A healthy workplace is one in which employers and employees feel respected and safe, are productive, and have the opportunity to perform to the best of their ability, said Nucci. 

“Psychological safety is the idea that we can feel safe bringing our whole selves to work and that we can take risks, make mistakes and be vulnerable without the fear of being judged, shamed, humiliated or punished,” said Nucci. 

The pandemic has put retail businesses through the ringer, noted Nabeela Ixtabalan, chief people and corporate affairs officer, Walmart Canada, during a RCC Store session on The Future of Work.

“In 2020, 30 per cent of Canadians reported struggling with anxiety disorders,” said Ixtabalan. “Fifty per cent of millennials and 75 per cent of Gen Z have quit a job for mental health reasons. Forty-seven per cent of Canadians are reporting that work is the most stressful part of their day. This is a challenge for all organizations, communities and our families. We need to raise awareness and educate individuals so they can recognize the signs of burnout and anxiety so they can ask for help. We need to destigmatize the conversation around mental health at work, at home and in our schools. We need to take responsibility as organizations to help to create the resources needed for people to thrive. We need to listen and act with compassion.”

Every organization of every size has the opportunity to redefine what a better normal can be with well-being at the centre, said Ixtabalan. 

“Gratitude and anxiety cannot co-exist,” Chester Elton, author of Anxiety at Work, said at the same RCC Store session. “The best leaders, the ones I would work the hardest for, are the leaders that make me feel great and are grateful for my efforts. Now, more than ever, as we welcome the next generation into the workforce, we have to realize that, in our generation, we never talked about mental health because we would be stigmatized as weak and shunned, and yet for this generation it’s all they talk about amongst themselves.”

Ninety per cent of employees will not talk to their supervisors and managers about mental health because they do not feel that it is safe, said Elton.
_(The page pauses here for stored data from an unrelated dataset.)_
Lemma size_quad_poly D a : (size (quad_poly D a) <= (2 * d).-1)%N.
Proof.
rewrite /quad_poly pair_bigA /=; apply: (leq_trans (size_sum _ _ _)).
apply/bigmax_leqP => -[k l] _ /=.
rewrite (leq_trans (size_scale_leq _ _)) // size_map_poly.
rewrite (leq_trans (size_polyMleq _ _)) // !size_p.
by have := ltn_ord k; have := ltn_ord l; lia.
Qed.

Lemma coef_quad_poly_pair D a (i j : 'I_d) : i != j ->
  (forall k l : 'I_d, (i + j <= k + l)%N ->
     (k, l) != (i, j) -> (k, l) != (j, i) -> D k l = 0) ->
  (quad_poly D a)`_(i + j) =
    ((a i)^* * D i j * a j + (a j)^* * D j i * a i) *
      rC (lead_coef (p i) * lead_coef (p j)).
Proof.
move=> ij D0; rewrite /quad_poly pair_bigA coef_sum /=.
have ji_ij : (j, i) != (i, j) by rewrite xpair_eqE (negbTE ij) andbF.
rewrite (bigD1 (i, j)) // (bigD1 (j, i)) //= big1 ?addr0 => [|[k l] /andP[kl_ij kl_ji]].
  rewrite !coefZ !coef_map /= [(p j * _)]mulrC (coef_basis_mul_top size_p) rCE.
  by rewrite -mulrDl.
rewrite coefZ coef_map /=.
have [ijkl|klij] := leqP (i + j) (k + l); first by rewrite D0 // mulr0 !mul0r.
by rewrite (coef_basis_mul_small size_p) // mulr0.
Qed.

Lemma pvec_neq0 a t : (0 < d)%N -> a 0%N != 0 -> pvec a t != 0.
Proof.
move=> d_gt0 a0; apply/eqP => /matrixP /(_ (Ordinal d_gt0) 0); rewrite !mxE /=.
have p0E : (p 0%N).[t] = lead_coef (p 0%N).
  by rewrite [p 0%N]size1_polyC ?size_p // hornerC lead_coefC.
apply/eqP; rewrite mulf_eq0 (negbTE a0) rCE /= p0E.
by rewrite eq_complex /= eqxx andbT (lead_coef_basis_neq0 size_p).
Qed.

Lemma quad_poly_eq0 D a (ts : seq R) : uniq ts -> ((2 * d).-1 <= size ts)%N ->
  (forall t, t \in ts -> inner (pvec a t) (D *m pvec a t) = 0) ->
  quad_poly D a = 0.
Proof.
move=> ts_uniq ts_size ts_root; apply: (roots_geq_poly_eq0 (rs := map (@rC R) ts)).
- by apply/allP => _ /mapP [t tts ->]; rewrite /root horner_quad_poly ts_root.
- by rewrite map_inj_uniq // => r s [].
- by rewrite size_map (leq_trans (size_quad_poly _ _)).
Qed.

Lemma measured_pvec_quad_eq0 (rho : 'M[C]_d) psi a t :
  (0 < d)%N -> a 0%N != 0 ->
  let v := normalize (pvec a t) in `|inner v psi| ^+ 2 = inner v (rho *m v) ->
  inner (pvec a t) ((rho - pure_state psi) *m pvec a t) = 0.
Proof.
by move=> d_gt0 a0 v /measurement_quad_eq0; apply/normalize_quad_eq0/pvec_neq0.
Qed.

Lemma pvec_truncated a t : root (p d.-1) t ->
  \col_(k < d) (if (k < d.-1)%N then a k * rC (p k).[t] else 0) = pvec a t.
Proof.
move=> /eqP pt0; apply/matrixP => k l; rewrite !mxE; case: ifPn => // /negbTE k_ge.
have -> : val k = d.-1.
  have k_lt : (k < d.-1.+1)%N by rewrite prednK ?ltn_ord // (leq_ltn_trans _ (ltn_ord k)).
  by apply/eqP; rewrite eqn_leq -ltnS k_lt leqNgt k_ge.
by rewrite pt0 mulr0.
Qed.

End QuadraticPolynomial.

Section WeightedIntegral.
Variables (R : realType) (w : R -> R).
Local Notation mu := (@lebesgue_measure R).

Definition has_wintegral (q : {poly R}) (c : R) : Prop :=
  mu.-integrable [set: R] (fun x => (q.[x] * w x)%:E) /\
  (\int[mu]_(x in [set: R]) (q.[x] * w x)%:E = c%:E)%E.

Lemma has_wintegral0 : has_wintegral 0 0.
Proof.
rewrite /has_wintegral.
have -> : (fun x => ((0 : {poly R}).[x] * w x)%:E) = cst 0%E.
  by apply/funext => x; rewrite horner0 mul0r.
by split; [exact: integrable0 | exact: integral0].
Qed.

Lemma has_wintegralD q a r b :
  has_wintegral q a -> has_wintegral r b -> has_wintegral (q + r) (a + b).
Proof.
move=> [qi qa] [ri rb]; rewrite /has_wintegral.
have -> : (fun x => ((q + r).[x] * w x)%:E) =
          (fun x => (q.[x] * w x)%:E + (r.[x] * w x)%:E)%E.
  by apply/funext => x; rewrite hornerD mulrDl EFinD.
by split; [exact: integrableD | rewrite integralD // qa rb].
Qed.

Lemma has_wintegralZ q a k : has_wintegral q a -> has_wintegral (k *: q) (k * a).
Proof.
move=> [qi qa]; rewrite /has_wintegral.
have -> : (fun x => ((k *: q).[x] * w x)%:E) = (fun x => k%:E * (q.[x] * w x)%:E)%E.
  by apply/funext => x; rewrite hornerZ -mulrA EFinM.
by split; [exact: integrableZl | rewrite integralZl // qa EFinM].
Qed.

Lemma has_wintegral_sum (I : Type) (r : seq I) (F : I -> {poly R}) (c : I -> R) :
  (forall i, has_wintegral (F i) (c i)) ->
  has_wintegral (\sum_(i <- r) F i) (\sum_(i <- r) c i).
Proof.
by move=> Fc; apply: (big_ind2 has_wintegral has_wintegral0 has_wintegralD).
Qed.

Lemma has_wintegral_uniq q a b : has_wintegral q a -> has_wintegral q b -> a = b.
Proof. by move=> [_ qa] [_ qb]; move: qa; rewrite qb => -[]. Qed.

Variable p : nat -> {poly R}.
Hypothesis size_p : forall n, size (p n) = n.+1.
Hypothesis p_orth : forall i j, has_wintegral (p j * p i) (i == j)%:R.

Lemma has_wintegral_p_mul n (q : {poly R}) : (size q <= n.+1)%N ->
  has_wintegral (p n * q) (q`_n / lead_coef (p n)).
Proof.
case/(poly_basis_span size_p) => a ->.
have -> : (\sum_(k < n.+1) a k *: p k)`_n / lead_coef (p n) =
          \sum_(k < n.+1) a k * (k == n :> nat)%:R.
  rewrite coef_sum !big_ord_recr /= !big1 ?add0r => [|k _|k _].
  - by rewrite coefZ -(lead_coef_basis size_p) eqxx mulr1 mulfK ?(lead_coef_basis_neq0 size_p).
  - by rewrite ltn_eqF ?mulr0.
  - by rewrite coefZ nth_default ?mulr0 // size_p.
rewrite mulr_sumr; apply: has_wintegral_sum => k.
by rewrite -scalerAr; apply: has_wintegralZ.
Qed.

Lemma consecutive_no_common_root n z : root (p n.+1) z -> root (p n) z -> False.
Proof.
have size_cofactor m Q : p m = Q * ('X - z%:P) -> size Q = m.
  move=> pmE; have := size_p m; rewrite pmE.
  have [->|Q_neq0] := eqVneq Q 0; first by rewrite mul0r size_poly0.
  by rewrite size_Mmonic ?monicXsubC // size_XsubC addn2 => -[].
case/factor_theorem => A /[dup] /size_cofactor size_A pSnE.
case/factor_theorem => B /[dup] /size_cofactor size_B pnE.
have intA := has_wintegral_p_mul (eq_leq size_A).
have intB := has_wintegral_p_mul (n := n.+1) (leqW (leqW (eq_leq size_B))).
have ApB : p n * A = p n.+1 * B by rewrite pSnE pnE; ring.
rewrite ApB in intA.
have /eqP := has_wintegral_uniq intA intB.
rewrite [B`_n.+1]nth_default ?size_B // mul0r mulf_eq0 invr_eq0 !lead_coef_eq0.
have -> : A`_n = lead_coef A by rewrite lead_coefE size_A.
by rewrite lead_coef_eq0 -!size_poly_eq0 size_A size_p.
Qed.

End WeightedIntegral.

Lemma orthonormal_no_common_root (R : realType) (p : nat -> {poly R}) n z :
  orthonormal_polys p -> root (p n.+1) z -> root (p n) z -> False.
Proof.
case=> size_p [w [_ p_orth]]; apply: (consecutive_no_common_root size_p (w := w)).
move=> i j; have [pi_int pi_eq] := p_orth i j.
by split; under eq_fun => x do rewrite hornerM.
Qed.
Lemma compact_unif_continuous (A : set R) (g : R -> R) :
  compact A -> {within A, continuous g} ->
  forall e, 0 < e -> exists2 d, 0 < d &
    forall u v, A u -> A v -> `|u - v| < d -> `|g u - g v| < e.
Proof.
move=> /compact_near_coveringP/near_covering_withinP A_cover
  /subspace_continuousP gc e e_gt0.
pose close d u := forall v, A v -> `|u - v| < d -> `|g u - g v| < e.
suff A_close : \forall d \near (0 : R)^'+, A `<=` close d.
  near (0 : R)^'+ => d; exists d; first by near: d; exact: nbhs_right_gt.
  by move=> u v Au; apply: (near A_close d).
apply: A_cover => u Au.
have /cvgrPdist_lt/(_ (e / 2))/(_ _)/nbhs_ballP[|r /= r_gt0 ur] := gc u Au.
  by rewrite divr_gt0.
near=> w d => /= Aw v Av wv.
have uw : `|u - w| < r / 2.
  by near: w; apply: (@near_ball _ _ u (r / 2)); rewrite divr_gt0.
have d_lt : d < r / 2 by near: d; apply: nbhs_right_lt; rewrite divr_gt0.
have uv : `|u - v| < r.
  by rewrite (splitr r) (le_lt_trans (ler_distD w _ _)) // ltrD // (lt_trans wv).
rewrite (le_lt_trans (ler_distD (g u) _ _)) // [e in _ < e](splitr e) distrC.
by rewrite ltrD // ur //= /ball /= (lt_trans uw) // ltr_pdivrMr // ltr_pMr // ltr1n.
Unshelve. all: end_near.
Qed.

Lemma dist_le_unif_modulus (A : set R) (g : R -> R) M d e u v : 0 < d ->
  (forall y, A y -> `|g y| <= M) ->
  (forall u v, A u -> A v -> `|u - v| < d -> `|g u - g v| < e) ->
  A u -> A v -> `|g u - g v| <= e + 2 * M / d * `|u - v|.
Proof.
move=> d_gt0 gM g_unif Au Av.
have e_ge0 : 0 <= e.
  by apply/ltW/(le_lt_trans _ (g_unif u u Au Au _)); rewrite subrr normr0.
have M_ge0 : 0 <= M := le_trans (normr_ge0 _) (gM u Au).
have [uv_lt | uv_ge] := ltrP `|u - v| d.
  apply: ler_wpDr (ltW (g_unif u v Au Av uv_lt)).
  by rewrite mulr_ge0 // divr_ge0 ?mulr_ge0 // ltW.
apply: ler_wpDl e_ge0 _; apply: (@le_trans _ _ (2 * M)).
  by have := gM u Au; have := gM v Av; have := ler_normB (g u) (g v); lra.
by rewrite -mulrA ler_peMr ?mulr_ge0 // ler_pdivlMl // mulr1.
Qed.

Lemma normr_Rintegral01_le (h : R -> R) B :
  mu.-integrable `[0, 1] (EFin \o h) -> (forall p, p \in `[0, 1] -> `|h p| <= B) ->
  `|\int[mu]_(x in `[0, 1]) h x| <= B.
Proof.
move=> h_int hB; apply: le_trans (le_normr_Rintegral _ h_int) _ => //.
have cst_int : mu.-integrable `[0, 1] (EFin \o fun=> B).
  apply: continuous_compact_integrable; first exact: segment_compact.
  by apply: continuous_in_subspaceT => x _; exact: cvg_cst.
apply: le_trans (le_Rintegral _ (integrable_norm h_int) cst_int _) _ => //.
by rewrite Rintegral_cst //= lebesgue_measure_itv /= lte01 EFinN sube0 /= mulr1.
Qed.
(* Let $r_n$ be the number of recursively labelled red and white trees with $n$ labels, and $F(x)=\sum_{n\ge1}r_nx^n$. Then $F=x+2xF+2F^2$. (The first values are $1,4,24,176,1440,\dots$.)
   Context: A labelled red and white tree with $n$ labels is a finite rooted tree (children unordered) in which each node $z$ carries a possibly empty label set $L(z)\subseteq[n]$, the sets $L(z)$ partitioning $[n]$, and every node with empty label set has at least two children; colours (red/white) are determined by these data (a labelled node is white, an empty node is red iff all its children are white) and do not affect counting. It is recursively labelled if for every node $z$ the union of the label sets of the nodes of the subtree rooted at $z$ is an interval of consecutive integers. *)

From Stdlib Require List.
From Stdlib Require Import Permutation.
From mathcomp Require Import all_boot.

Set Implicit Arguments.
Unset Strict Implicit.
Unset Printing Implicit Defensive.

(* A finite rooted tree with unordered children: a node carries its label set
   L(z) (as a sequence of naturals) and the list of its children; the order of
   the children (and of the labels inside a node) is irrelevant, which is taken
   into account by the isomorphism relation [rw_iso] below.  Colours are
   determined by the data and do not affect counting, so they are omitted. *)
Inductive rwtree : Type :=
  RWNode : seq nat -> seq rwtree -> rwtree.

Fixpoint rw_labels (t : rwtree) : seq nat :=
  match t with
  | RWNode L ch => L ++ flatten (map rw_labels ch)
  end.

Fixpoint rw_all_nodes (P : seq nat -> seq rwtree -> bool) (t : rwtree) : bool :=
  match t with
  | RWNode L ch => P L ch && all (rw_all_nodes P) ch
  end.

Definition rw_tree_n (n : nat) (t : rwtree) : bool :=
  perm_eq (rw_labels t) (iota 1 n) &&
  rw_all_nodes (fun L ch => (L == [::]) ==> (2 <= size ch)) t.

Definition is_interval (s : seq nat) : Prop :=
  exists a, perm_eq s (iota a (size s)).

Fixpoint rw_all_subtrees (P : rwtree -> Prop) (t : rwtree) : Prop :=
  match t with
  | RWNode L ch => P t /\ (fix aux (l : seq rwtree) : Prop :=
                             match l with
                             | [::] => True
                             | c :: l' => rw_all_subtrees P c /\ aux l'
                             end) ch
  end.

Definition recursively_labelled (t : rwtree) : Prop :=
  rw_all_subtrees (fun s => is_interval (rw_labels s)) t.

Definition rl_tree (n : nat) (t : rwtree) : Prop :=
  rw_tree_n n t /\ recursively_labelled t.

Inductive rw_iso : rwtree -> rwtree -> Prop :=
| rw_iso_node (L1 L2 : seq nat) (c1 c2 c2' : seq rwtree) :
    perm_eq L1 L2 -> Permutation c2 c2' -> List.Forall2 rw_iso c1 c2' ->
    rw_iso (RWNode L1 c1) (RWNode L2 c2).

(* [num_rl_trees n k]: there are exactly k recursively labelled red and white
   trees with n labels (up to isomorphism), i.e. there is a list of k pairwise
   non-isomorphic such trees such that every such tree is isomorphic to one
   of them. *)
Definition num_rl_trees (n k : nat) : Prop :=
  exists s : seq rwtree,
    size s = k /\
    (forall t, List.In t s -> rl_tree n t) /\
    (forall t, rl_tree n t -> exists2 t', List.In t' s & rw_iso t t') /\
    (forall (d : rwtree) i j, i < j -> j < k -> ~ rw_iso (nth d s i) (nth d s j)).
“That’s an issue of trust and a stigma that has to be removed,” he said. “We have to normalize conversations around mental health. From a business standpoint, if you want to attract the brilliant young minds that are coming into the workforce, you have to address this because, if you don’t, they will quit. The compassionate leaders who understand gratitude and engage their people on all levels, not just psychological safety but emotional safety, will be the big winners because that’s where the bright minds will go.”